The court had earlier asked the liquor baron to appear before it in a case of allegedly evading summons in a FERA violation matter. Advocate N K Matta, appearing for the ED, also told the court that under the provisions of law, Mallya can be given travel documents, even if he has no passport. The ED counsel also opposed Mallya’s plea seeking exemption from personal appearance on the ground of lack of passport.
“The conduct of the accused shows that he has no intention to come to India. His passport was impounded because of his own conduct. There are provisions in law and he can approach the authorities for travel document in case of emergency, if he has no passport.
“He has no intention to come,” Matta said. After the submission, senior advocate Ramesh Gupta, appearing for Mallya, sought time from the court. “Give me (Mallya) some time so that I can approach the authorities for such a document,” he said. The court has now put up the matter for further hearing on November 4.
Mallya, who is currently in London, made the submission through his counsel on September 9, saying he wanted to come back to India but was “incapacitated” to travel despite “best intentions” as his passport had been revoked. On July 9, the court had cancelled the exemption from
personal appearance granted to Mallya and directed him to appear before it on September 9.
On September 9, Mallya’s counsel moved an application seeking exemption for Mallya from personal appearance for the day after which the court had sought ED’s reply on his plea while posting the matter for today. The exemption from personal appearance to Mallya was granted in December 2000 on ED’s complaint for evading summons issued by it.
The agency had issued summons to the businessman in connection with alleged payment of USD 200,000 to a British firm for displaying Kingfisher logo in Formula One World Championships in London and some European countries in 1996, 1997 and 1998. It had claimed that the money was allegedly paid without prior approval from RBI in violation of FERA norms.

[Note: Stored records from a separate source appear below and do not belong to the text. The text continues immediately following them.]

Lemma card_out_arcs U : #|out_arcs U| = \sum_(b in ~: U) #|[set u | e b u] :\: U|.
Proof.
rewrite -sum1_card big_mkcond /=.
transitivity (\sum_(b in ~: U) \sum_(u : T) ((u \notin U) && e b u : nat)).
  rewrite pair_big /= [RHS]big_mkcond /=; apply: eq_bigr => p _.
  by rewrite !inE andbT; case: (p.1 \in U); case: (p.2 \in U); case: (e _ _).
apply: eq_bigr => b _; rewrite -sum1_card [RHS]big_mkcond /=; apply: eq_bigr => u _.
by rewrite !inE andbC.
Qed.

Lemma set2_eq_pair (x y a b : T) : x != y -> [set x; y] = [set a; b] ->
  (x, y) \in [set (a, b); (b, a)].
Proof.
move=> xy E; rewrite !inE !xpair_eqE.
have [xb|xb] := eqVneq x b; last by have [-> ->] := set2_eq_inj E xb; rewrite !eqxx.
have [xa|xa] := eqVneq x a; last by have [_ ->] := set2_eq_swap E xa; rewrite !eqxx orbT.
have /set2P[ya|yb] : y \in [set a; b] by rewrite -E set22.
  by rewrite xa ya eqxx in xy.
by rewrite xb yb eqxx in xy.
Qed.

(* An arc spans an edge of G - U, which lies in W or survives in G \ W - U. *)
Lemma card_out_arcs_le U W : #|out_arcs U| <= 2 * (#|del_edges e W U| + #|W|).
Proof.
rewrite -sum1_card (partition_big_imset (fun p : T * T => [set p.1; p.2])) /=.
apply: (@leq_trans (\sum_(f in [set [set p.1; p.2] | p in out_arcs U]) 2)).
  apply: leq_sum => f /imsetP[[a b] _ ->] /=; rewrite sum1_card.
  apply: (@leq_trans #|[set (a, b); (b, a)]|); last by rewrite cards2; case: (_ != _).
  apply: subset_leq_card; apply/fintype.subsetP => [[x y]] /andP[xyU /eqP E].
  apply: set2_eq_pair E; move: xyU; rewrite inE => /and3P[_ _ exy].
  by apply: contraTneq exy => ->; rewrite e_irr.
rewrite sum_nat_const mulnC leq_mul2l /=.
apply: leq_trans (_ : #|del_edges e W U :|: W| <= _); last by rewrite cardsU leq_subr.
apply: subset_leq_card; apply/fintype.subsetP => f /imsetP[[x y] Hp ->] /=.
move: Hp; rewrite !inE /= => /and3P[xU yU exy].
case: (boolP ([set x; y] \in W)) => xyW; rewrite ?orbT // orbF.
apply/and3P; split=> //.
  by apply/existsP; exists x; apply/existsP; exists y; rewrite exy eqxx.
by rewrite disjoint_subset; apply/fintype.subsetP => z; rewrite !inE => /orP[] /eqP ->.
Qed.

In its plea against Mallya, ED had also sought issuance of non-bailable warrant against the Chairman of the defunct Kingfisher Airlines to secure his presence in the ongoing trial of the case, which is at the final stage. The agency’s plea had said Mallya was reported to be in the United Kingdom and his presence in trial was essential. It had also sought court’s direction to him to remain personally present in every hearing.
Matta had earlier argued that the court should recall its December 2000 exemption order, as a PMLA court in Mumbai has recently issued an open-ended warrant against him in connection with a money laundering case. According to ED, Mallya was summoned on four occasions for questioning in connection with a contract signed in December 1995 with London-based firm Benetton Formula Ltd for promotion of the Kingfisher brand abroad. When Mallya failed to appear before ED in response to the summons, a complaint was filed on March 8, 2000 before a court here and later charges were framed against him under FERA.